Talent Finance: A New Consensus and Return-to-Investment
What is Talent Finance?
Talent finance refers to the development and use of public and private instruments for aligning investments in talent development and in managing related downside employment and income risks.
Now Is the Time for a New Approach to Financing Talent
We are in a new economy that competes on talent, yet the talent financing and development systems we rely on were built for a different era and economy. The global pandemic has introduced new urgency and risks that require bold thinking and transformational change. In this dynamic economy, skills and job opportunities are constantly changing and new skills and opportunities are emerging. Amid this change, employers, workers, and government face growing risks in achieving a return on investment in skill development and managing short- and long-term risks associated with employment and income.
The U.S. Chamber of Commerce Foundation and its partners are exploring a new public-private approach to talent finance that is built to address the challenges and requirements of the new economy. Our mission is to promote innovations in public-private talent finance that improves global competitiveness and expands economic opportunity and inclusion in the new economy. The finance innovations we promote will adhere to a set of guiding principles that will focus our efforts in ways that are different from previous public and private investment approaches. Public and private sector financing innovations, combined with access to better data and more robust employer leadership, set the stage for restructuring how we finance and manage the risks in talent development for all relevant stakeholders. Therefore, we need a talent finance approach fit for our time, not one built for past economies and labor markets.

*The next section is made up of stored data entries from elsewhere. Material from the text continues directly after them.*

(** * Pole orders of the solution *)

Section Solution.

Variables (k m c a1 a2 a3 r : R) (Kf Pf : C -> vec) (Kc Pc : nat -> vec).
Local Notation a := (vmk (RtoC a1) (RtoC a2) (RtoC a3)).
Hypothesis r_pos : 0 < r.
Hypothesis solution : forall t, 0 < Cmod t < r ->
  @is_derive C_AbsRing VecNM Kf t (rhsK m c a (Kf t) (Pf t)) /\
  @is_derive C_AbsRing VecNM Pf t (rhsP k m c a (Kf t) (Pf t)).

Lemma pole_order_K_eq1 (n1 n2 : nat) : (0 < n1)%nat -> (0 < n2)%nat ->
  laurent_on r n1 Kc Kf -> laurent_on r n2 Pc Pf ->
  cross (omega m c (Kc 0%nat)) (Pc 0%nat) <> vzero ->
  n1 = 1%nat /\ cross (Pc 0%nat) (omega m c (Kc 0%nat)) = vscal (- RtoC (INR n2)) (Pc 0%nat).
Proof.
  intros Hn1 Hn2 HK HP Hcross.
  destruct (laurent_on_limits r n1 Kc Kf _ r_pos HK (fun t Ht => proj1 (solution t Ht)))
    as [HGK _].
  destruct (laurent_on_limits r n2 Pc Pf _ r_pos HP (fun t Ht => proj2 (solution t Ht)))
    as [HGP HXP].
  assert (HY : is_vlim_Ot
    (fun t => vadd (cross (vscal (Cpow t n2) (Pf t)) (omega m c (vscal (Cpow t n1) (Kf t))))
                   (vscal (RtoC k * Cpow t n2) (cross (vscal (Cpow t n1) (Kf t)) a)))
    (cross (Pc 0%nat) (omega m c (Kc 0%nat)))).
  { replace (cross (Pc 0%nat) (omega m c (Kc 0%nat))) with
      (vadd (cross (Pc 0%nat) (omega m c (Kc 0%nat)))
            (vscal (RtoC k * Cpow 0 n2) (cross (Kc 0%nat) a)))
      by (destruct n2; [lia | vec_ring]).
    vlim_Ot. }
  assert (E : cross (Pc 0%nat) (omega m c (Kc 0%nat))
              = vscal (Cpow 0 (n1 - 1)) (vscal (- RtoC (INR n2)) (Pc 0%nat))).
  { eapply (is_vlim_Ot_cancel_pow _ _ _ _ n1 1 r Hn1 r_pos); [|exact HXP | exact HY].
    intros t _. vec_ring. }
  destruct n1 as [|[|j]]; [lia| |].
  - split; [reflexivity|]. rewrite E. vec_ring.
  - exfalso. apply Hcross. rewrite cross_anticomm, E. vec_ring.
Qed.

Lemma pole_order_P_eq2 (n2 : nat) : (0 < n2)%nat ->
  laurent_on r 1 Kc Kf -> laurent_on r n2 Pc Pf ->
  cross (Pc 0%nat) (omega m c (Kc 0%nat)) = vscal (- RtoC (INR n2)) (Pc 0%nat) ->
  Kc 0%nat <> vzero -> Pc 0%nat <> vzero -> n2 = 2%nat.
Proof.
  intros Hn2 HK HP HPw HK0 HP0.
  destruct (laurent_on_limits r 1 Kc Kf _ r_pos HK (fun t Ht => proj1 (solution t Ht)))
    as [HGK HXK].
  destruct (laurent_on_limits r n2 Pc Pf _ r_pos HP (fun t Ht => proj2 (solution t Ht)))
    as [HGP _].
  set (Z t := vadd (vscal (Cpow t 2) (rhsK m c a (Kf t) (Pf t)))
    (vscal (- 1) (cross (vscal (Cpow t 1) (Kf t)) (omega m c (vscal (Cpow t 1) (Kf t)))))).
  set (z := vscal (- 1) (vadd (Kc 0%nat) (cross (Kc 0%nat) (omega m c (Kc 0%nat))))).
  assert (HZ : is_vlim_Ot Z z).
  { replace z with (vadd (vscal (- RtoC (INR 1)) (Kc 0%nat))
      (vscal (- 1) (cross (Kc 0%nat) (omega m c (Kc 0%nat))))) by (unfold z; cbn [INR]; vec_ring).
    unfold Z. vlim_Ot. }
  assert (HX : is_vlim_Ot (fun t => cross (vscal (Cpow t n2) (Pf t)) a) (cross (Pc 0%nat) a))
    by vlim_Ot.
  assert (Hid : forall t,
    vscal (Cpow t n2) (Z t) = vscal (Cpow t 2) (cross (vscal (Cpow t n2) (Pf t)) a))
    by (intros t; unfold Z; vec_ring).
  assert (Hz : z <> vzero).
  { intros E. apply HK0, (cross_omega_self_fixed m c), (vscal_eq_vzero (- 1)); [|exact E].
    intros H. apply (f_equal fst) in H. cbn in H. lra. }
  destruct (Req_dec (a1 * a1 + a2 * a2 + a3 * a3) 0) as [Ha | Ha].
  - exfalso. apply Hz.
    assert (a1 = 0 /\ a2 = 0 /\ a3 = 0) as (-> & -> & ->) by (repeat split; nra).
    apply (is_vlim_Ot_cancel_pow_eq Z (fun _ => vzero) _ _ n2 r r_pos);
      [intros t _; rewrite Hid; vec_ring | exact HZ | apply is_vlim_Ot_const].
  - destruct n2 as [|[|[|j]]]; [lia | exfalso | reflexivity | exfalso].
    + apply Hz. eapply (is_vlim_Ot_cancel_pow_lt _ Z _ _ 2 1 r);
        [lia | exact r_pos | | exact HX | exact HZ].
      intros t _. symmetry. apply Hid.
    + apply HP0, (isotropic_cross_eq0 (Pc 0%nat) a).
      * apply (isotropic_of_cross_eigen _ (omega m c (Kc 0%nat)) (- RtoC (INR (S (S (S j))))));
          [apply Copp_INR_neq0; lia | exact HPw].
      * eapply (is_vlim_Ot_cancel_pow_lt Z _ _ _ (S (S (S j))) 2 r);
          [lia | exact r_pos | | exact HZ | exact HX].
        intros t _. apply Hid.
      * unfold dot. cbn [v1 v2 v3 vmk fst snd]. rewrite <- !RtoC_mult, <- !RtoC_plus.
        intros E. apply (f_equal fst) in E. cbn in E. lra.
Qed.

End Solution.

Theorem lemma1 (k c m a1 a2 a3 : R) (n1 n2 : nat) (r : R)
  (Kf Pf : C -> vec) (Kc Pc : nat -> vec) :
  (k = 0 \/ k = 1 \/ k = -1) -> c <> 0 -> 0 <= m ->
  (0 < n1)%nat -> (0 < n2)%nat -> 0 < r ->
  (forall t : C, 0 < Cmod t < r ->
     @is_derive C_AbsRing VecNM Kf t
       (rhsK m c (vmk (RtoC a1) (RtoC a2) (RtoC a3)) (Kf t) (Pf t)) /\
     @is_derive C_AbsRing VecNM Pf t
       (rhsP k m c (vmk (RtoC a1) (RtoC a2) (RtoC a3)) (Kf t) (Pf t))) ->
  laurent_on r n1 Kc Kf -> laurent_on r n2 Pc Pf ->
  Kc 0%nat <> vzero -> Pc 0%nat <> vzero ->
  cross (omega m c (Kc 0%nat)) (Pc 0%nat) <> vzero ->
  n1 = 1%nat /\ n2 = 2%nat.
Proof.
  intros _ _ _ Hn1 Hn2 Hr Hsol HK HP HK0 HP0 Hcross.
  destruct (pole_order_K_eq1 _ _ _ _ _ _ _ _ _ _ _ Hr Hsol n1 n2 Hn1 Hn2 HK HP Hcross)
    as [-> HPw].
  split; [reflexivity|].
  exact (pole_order_P_eq2 _ _ _ _ _ _ _ _ _ _ _ Hr Hsol n2 Hn2 HK HP HPw HK0 HP0).
Qed.
Lemma piEH_moves (T : tableau g r d alpha beta) t : 0 < t < g ->
  (pos T t).1 != (pos T t.+1).1 -> (pos T t).2 != (pos T t.+1).2 ->
  piEH t (dist (pos T t) (pos T t.+1)) T != T.
Proof.
move=> /andP[t_gt0 lt_t] neq_row neq_col.
have lt_t1 : t.-1 < g by rewrite prednK // ltnW.
rewrite /piEH neq_row neq_col eqxx /=; apply/eqP => /ffunP/(_ (Ordinal lt_t1)).
rewrite ffunE eqxx -posE => eq_pos.
by move: neq_row; rewrite eq_pos eqxx.
Qed.

End Tableaux.

Lemma ramif_mono r d f : ramif r d f -> forall i j, i <= j -> j <= r -> f j <= f i.
Proof.
move=> [_ f_step] i j; elim: j => [|j IH] le_ij le_jr; first by case: i le_ij.
rewrite leq_eqVlt in le_ij; case/orP: le_ij => [/eqP -> //|lt_ij].
by apply: leq_trans (f_step j le_jr) (IH lt_ij (ltnW le_jr)).
Qed.

Lemma count_between n lo hi :
  \sum_(0 <= c < n) ((lo < c) && (c <= hi) : nat) = minn n hi.+1 - minn n lo.+1.
Proof.
elim: n => [|n IH]; first by rewrite big_geq.
by rewrite big_nat_recr //= IH; case: (ltnP lo n); case: (leqP n hi); lia.
Qed.

Lemma g_of_rho0 g r d alpha beta :
  (0 <= g%:Z - d%:Z + r%:Z)%R -> rho g r d alpha beta = 0%R ->
  g = r.+1 * mm g r d + wt r alpha + wt r beta.
Proof.
rewrite /rho /mm => m_ge0 rho0.
have m_eq : ((g + r - d)%:Z = g%:Z - d%:Z + r%:Z)%R by lia.
nia.
Qed.

Section Shape.

Variables (g r d : nat) (alpha beta : nat -> nat).
Hypotheses (ramif_alpha : ramif r d alpha) (ramif_beta : ramif r d beta).
Local Notation box := (box g r d alpha beta).
Local Notation N := (ncol g r d alpha beta).
Local Notation m := (mm g r d).

Lemma card_inshape : #|[pred b : box | inshape b]| = r.+1 * m + wt r alpha + wt r beta.
Proof.
transitivity (\sum_(k < r.+1) \sum_(c < N)
    ((alpha 0 - alpha (r - k) < c) && (c <= alpha 0 + m + beta k) : nat)).
  rewrite pair_big /= -sum1_card big_mkcond /=.
  by apply: eq_bigr => -[k c] _; rewrite inE /inshape /=; case: ifP.
transitivity (\sum_(k < r.+1) (m + beta k + alpha (r - k))).
  apply: eq_bigr => k _.
  pose in_row c := (alpha 0 - alpha (r - k) < c) && (c <= alpha 0 + m + beta k).
  rewrite -(big_mkord xpredT (fun c => in_row c : nat)) count_between /ncol.
  have := ramif_mono ramif_alpha (leq0n (r - k)) (leq_subr k r).
  have := ramif_mono ramif_beta (leq0n k) (ltnSE (ltn_ord k)); lia.
rewrite !big_split /= sum_nat_const card_ord /wt -addnA [X in _ + X]addnC addnA.
congr (_ + _ + _); rewrite (reindex_inj rev_ord_inj) /=; apply: eq_bigr => k _.
by rewrite subSS subKn // -ltnS.
Qed.

Definition mkbox (k c : nat) : box := (inord k, inord c).

Lemma mkbox_row k c : k <= r -> val (mkbox k c).1 = k.
Proof. by move=> le_kr; rewrite /= inordK. Qed.

Lemma mkbox_col k c : c < N -> val (mkbox k c).2 = c.
Proof. by move=> lt_cN; rewrite /= inordK. Qed.

Lemma le_mkbox_l k c (b : box) : k <= r -> c < N ->
  le_box (mkbox k c) b = (k <= b.1) && (c <= b.2).
Proof. by move=> le_kr lt_cN; rewrite /le_box mkbox_row ?mkbox_col. Qed.

Lemma le_mkbox_r k c (b : box) : k <= r -> c < N ->
  le_box b (mkbox k c) = (b.1 <= k) && (b.2 <= c).
Proof. by move=> le_kr lt_cN; rewrite /le_box mkbox_row ?mkbox_col. Qed.

Lemma eq_mkbox k c (b : box) : k <= r -> c < N ->
  (b == mkbox k c) = (val b.1 == k) && (val b.2 == c).
Proof. by case: b => i j le_kr lt_cN; rewrite xpair_eqE -!val_eqE /= !inordK. Qed.

Definition below (cut : nat -> nat) (b : box) := b.2 < cut b.1.

Definition cut_nonincr (cut : nat -> nat) := forall k k', k <= k' -> k' <= r -> cut k' <= cut k.

Definition max_below (cut : nat -> nat) k c :=
  c.+1 = cut k /\ forall k', k < k' -> k' <= r -> cut k' <= c.

Definition min_above (cut : nat -> nat) k c :=
  c = cut k /\ forall k', k' < k -> c < cut k'.

Lemma below_down cut : cut_nonincr cut ->
  forall b b' : box, le_box b b' -> below cut b' -> below cut b.
Proof.
move=> cut_mono [k c] [k' c'] /andP[/= le_k le_c]; rewrite /below /= => lt_c'.
by apply: leq_ltn_trans le_c (leq_trans lt_c' (cut_mono _ _ le_k _)); rewrite -ltnS.
Qed.

Lemma below_max cut k c : k <= r -> c < N -> max_below cut k c ->
  forall b, le_box (mkbox k c) b -> b != mkbox k c -> ~~ below cut b.
Proof.
move=> le_kr lt_cN [cut_k cut_after] b; rewrite le_mkbox_l // eq_mkbox // /below -leqNgt.
case: b => [k' c'] /= /andP[le_k le_c]; rewrite negb_and.
have le_k'r : k' <= r by rewrite -ltnS.
case: (ltngtP k k') => [lt_k _|lt_k'|<-]; first exact: leq_trans (cut_after _ _ _) le_c.
  by move: le_k; rewrite leqNgt lt_k'.
by rewrite /= -cut_k ltn_neqAle le_c eq_sym andbT.
Qed.

Lemma below_min cut k c : k <= r -> c < N -> min_above cut k c ->
  forall b, le_box b (mkbox k c) -> b != mkbox k c -> below cut b.
Proof.
move=> le_kr lt_cN [cut_k cut_before] b; rewrite le_mkbox_r // eq_mkbox // /below.
case: b => [k' c'] /= /andP[le_k le_c]; rewrite negb_and.
case: (ltngtP k' k) => [lt_k _|lt_k'|->]; first exact: leq_ltn_trans le_c (cut_before _ _).
  by move: le_k; rewrite leqNgt lt_k'.
by rewrite /= -cut_k ltn_neqAle le_c andbT.
Qed.

Hypotheses (r_ge2 : 2 <= r) (corner_room : 3 < alpha r + beta r + m).

(* The first column of the third row from the bottom. *)
Definition corner := alpha 0 - alpha 2 + 1.

Lemma corner_block_col c : c <= corner + 3 -> c < N.
Proof.
have := ramif_mono ramif_alpha (leq0n 2) r_ge2.
have := ramif_mono ramif_alpha r_ge2 (leqnn r).
have := ramif_mono ramif_beta (leq0n r) (leqnn r).
rewrite /corner /ncol; lia.
Qed.

Lemma corner_block_inshape k c :
  r - 2 <= k <= r -> corner <= c <= corner + 3 -> inshape (mkbox k c).
Proof.
move=> /andP[le_k le_kr] /andP[le_c le_c3].
rewrite /inshape mkbox_row // mkbox_col ?corner_block_col //.
have le_rk2 : r - k <= 2 by lia.
have := ramif_mono ramif_alpha le_rk2 r_ge2; have := ramif_mono ramif_alpha (leq0n 2) r_ge2.
have := ramif_mono ramif_alpha r_ge2 (leqnn r); have := ramif_mono ramif_beta le_kr (leqnn r).
rewrite /corner in le_c le_c3 *; lia.
Qed.

Definition bottom_cut x y z k :=
  if k < r - 2 then N else corner + (if k == r - 2 then x else if k == r - 1 then y else z).

Ltac bottom_cut_arith :=
  have := corner_block_col (leqnn _); rewrite /bottom_cut; repeat match goal with
  | |- context[if ?x < ?y then _ else _] => case: (ltnP x y)
  | |- context[if ?x == ?y then _ else _] => case: (x =P y)
  end; lia.

Lemma bottom_cut_nonincr x y z : z <= y -> y <= x -> x <= 3 -> cut_nonincr (bottom_cut x y z).
Proof. by move=> zy yx x3 k k' le_k le_k'; bottom_cut_arith. Qed.

Lemma card_below_swap :
  #|[pred b : box | inshape b && below (bottom_cut 3 1 1) b]| =
  #|[pred b : box | inshape b && below (bottom_cut 3 2 0) b]|.
Proof.
have lt_c0 : corner < N by apply: corner_block_col; lia.
have lt_c1 : corner.+1 < N by apply: corner_block_col; lia.
have in_p : inshape (mkbox r corner) by apply: corner_block_inshape; lia.
have in_q : inshape (mkbox (r - 1) corner.+1) by apply: corner_block_inshape; lia.
rewrite (cardD1 (mkbox r corner)) [in RHS](cardD1 (mkbox (r - 1) corner.+1)) !inE in_p in_q.
rewrite /below !mkbox_row ?leq_subr // !mkbox_col //.
have [-> ->] : corner < bottom_cut 3 1 1 r /\ corner.+1 < bottom_cut 3 2 0 (r - 1).
  by split; bottom_cut_arith.
congr (_ + _); apply: eq_card => -[k c]; rewrite !inE !eq_mkbox ?leq_subr //=.
case: (inshape _); rewrite ?andbF //=.
by case: k c => [k lt_k] [c lt_c] /=; apply/idP/idP; bottom_cut_arith.
Qed.

Hypothesis card_inshape_g : #|[pred b : box | inshape b]| = g.

Lemma piEH_moves_at_cut cut kp cp kq cq a :
  cut_nonincr cut -> kp <= r -> kq <= r -> cp < N -> cq < N ->
  kp != kq -> cp != cq -> inshape (mkbox kp cp) -> inshape (mkbox kq cq) ->
  max_below cut kp cp -> min_above cut kq cq -> absd kp kq + absd cp cq = a ->
  let n := #|[pred b | inshape b && below cut b]| in
  0 < n < g /\ exists2 T, T \in YT g r d alpha beta & piEH n a T != T.
Proof.
move=> cut_mono le_kp le_kq lt_cp lt_cq ne_k ne_c Sp Sq p_max q_min <- n.
have [||n_range [T YT_T [pos_n pos_n1]]] := exists_syt_ideal card_inshape_g
  (below_down cut_mono) (below_max le_kp lt_cp p_max) (below_min le_kq lt_cq q_min) Sp Sq.
- by rewrite /below mkbox_row // mkbox_col // -p_max.1.
- by rewrite /below mkbox_row // mkbox_col // -q_min.1 ltnn.
split=> //; exists T => //.
have -> : absd kp kq + absd cp cq = dist (pos T n) (pos T n.+1).
  by rewrite pos_n pos_n1 /dist !mkbox_row // !mkbox_col.
by apply: piEH_moves; rewrite // pos_n pos_n1 -!val_eqE /= !inordK.
Qed.

Ltac corner_side_goal :=
  match goal with
  | |- cut_nonincr _ => exact: bottom_cut_nonincr
  | |- max_below _ _ _ => split; [|move=> *]; bottom_cut_arith
  | |- min_above _ _ _ => split; [|move=> *]; bottom_cut_arith
  | |- is_true (inshape _) => apply: corner_block_inshape; lia
  | |- is_true (_ < ncol _ _ _ _ _) => apply: corner_block_col; lia
  | |- absd _ _ + absd _ _ = _ => rewrite /absd; lia
  | _ => lia
  end.

Lemma piEH_moves_at_bottom_cut a : a \in [:: 5; 2; 4; 3] ->
  let t := #|[pred b : box | inshape b && below (bottom_cut 3 1 1) b]| in
  0 < t < g /\ exists2 T, T \in YT g r d alpha beta & piEH t a T != T.
Proof.
rewrite !inE => /or4P[] /eqP -> t.
- by apply: (@piEH_moves_at_cut _ r corner (r - 2) (corner + 3)); corner_side_goal.
- rewrite /t card_below_swap.
  by apply: (@piEH_moves_at_cut _ (r - 1) (corner + 1) r corner); corner_side_goal.
- rewrite /t card_below_swap.
  by apply: (@piEH_moves_at_cut _ (r - 2) (corner + 2) r corner); corner_side_goal.
- rewrite /t card_below_swap.
  by apply: (@piEH_moves_at_cut _ (r - 1) (corner + 1) (r - 2) (corner + 3)); corner_side_goal.
Qed.

End Shape.

Unset Implicit Arguments.

Theorem lemma4p4 (g r d : nat) (alpha beta : nat -> nat) :
  ramif r d alpha -> ramif r d beta ->
  (0 <= g%:Z - d%:Z + r%:Z)%R ->
  rho g r d alpha beta = 0%R ->
  2 <= r ->
  ((r.+1)%:Z < (alpha r)%:Z + (beta r)%:Z + g%:Z - d%:Z + r%:Z)%R ->
  exists t a : nat,
    [/\ 1 <= t < g, 0 < a,
        (exists2 T, T \in YT g r d alpha beta & piEH t a T != T) &
        4 * #|[set T in YT g r d alpha beta | piEH t a T != T]|
          <= #|YT g r d alpha beta|].
Proof.
move=> ramif_alpha ramif_beta m_ge0 rho0 r_ge2 room.
have card_g : #|[pred b : box g r d alpha beta | inshape b]| = g.
  by rewrite card_inshape // -g_of_rho0.
have corner_room : 3 < alpha r + beta r + mm g r d by rewrite /mm; lia.
have moves := piEH_moves_at_bottom_cut ramif_alpha ramif_beta r_ge2 corner_room card_g.
set t := #|_| in moves.
have [a a_in small] := @exists_small_fiber _ (YT g r d alpha beta)
  (fun T => dist (pos T t) (pos T t.+1)) (fun a T => piEH t a T != T) [:: 5; 2; 4; 3]
  isT isT (fun a T => @piEH_moved_dist _ _ _ _ _ T t a).
have [t_range moved] := moves a a_in.
exists t, a; split=> //.
by move: a_in; rewrite !inE => /or4P[] /eqP ->.
Qed.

Key Talent Finance Takeaways:
Shifts in employer talent strategies and traditional government-funded supply-side approaches have further separated work and learning and contributed to a growing skills gap.
This skills gap is likely to grow because of the rapidly changing skill needs of employers, shifting employment relationships, and growing lead times and costs in developing talent through traditional government-funded pathways.
Improving signaling and communication between employers and government-funded providers and promoting and strengthening partnerships can only go so far in closing the skills gap.
We now need to change the incentives for employers and government to work together as part of a new public-private approach to talent development that can scale promising employer, private sector, government, and service provider innovations.
We also need to change how we identify, assess, measure, and manage new and changing risks as well as how we provide incentives for employers and government to work together to manage the related employment and income risks of the new economy.
Public and private innovations in talent finance including new approaches for measuring and managing risk will require the expansion and modernization of data and technology systems.
This new public-private approach to talent finance — including risk assessment, measurement, and management — must promote global competitiveness and expand opportunity and improve diversity, equity, and inclusion in the talent marketplace.
Building a Talent Finance Movement
This initiative seeks to do more than simply advance a new framework for organizing the talent finance ecosystem, it also seeks to forge a new consensus and to build a movement. Similar to other Chamber Foundation-led initiatives, this effort will build a broad-based network of public and private partners and stakeholders to explore the paper’s recommendations and, more importantly, take action. We implore you to be part of the change we need, so that together we can promote economic advancement for workers, learners, and employers, while also closing the opportunity gap.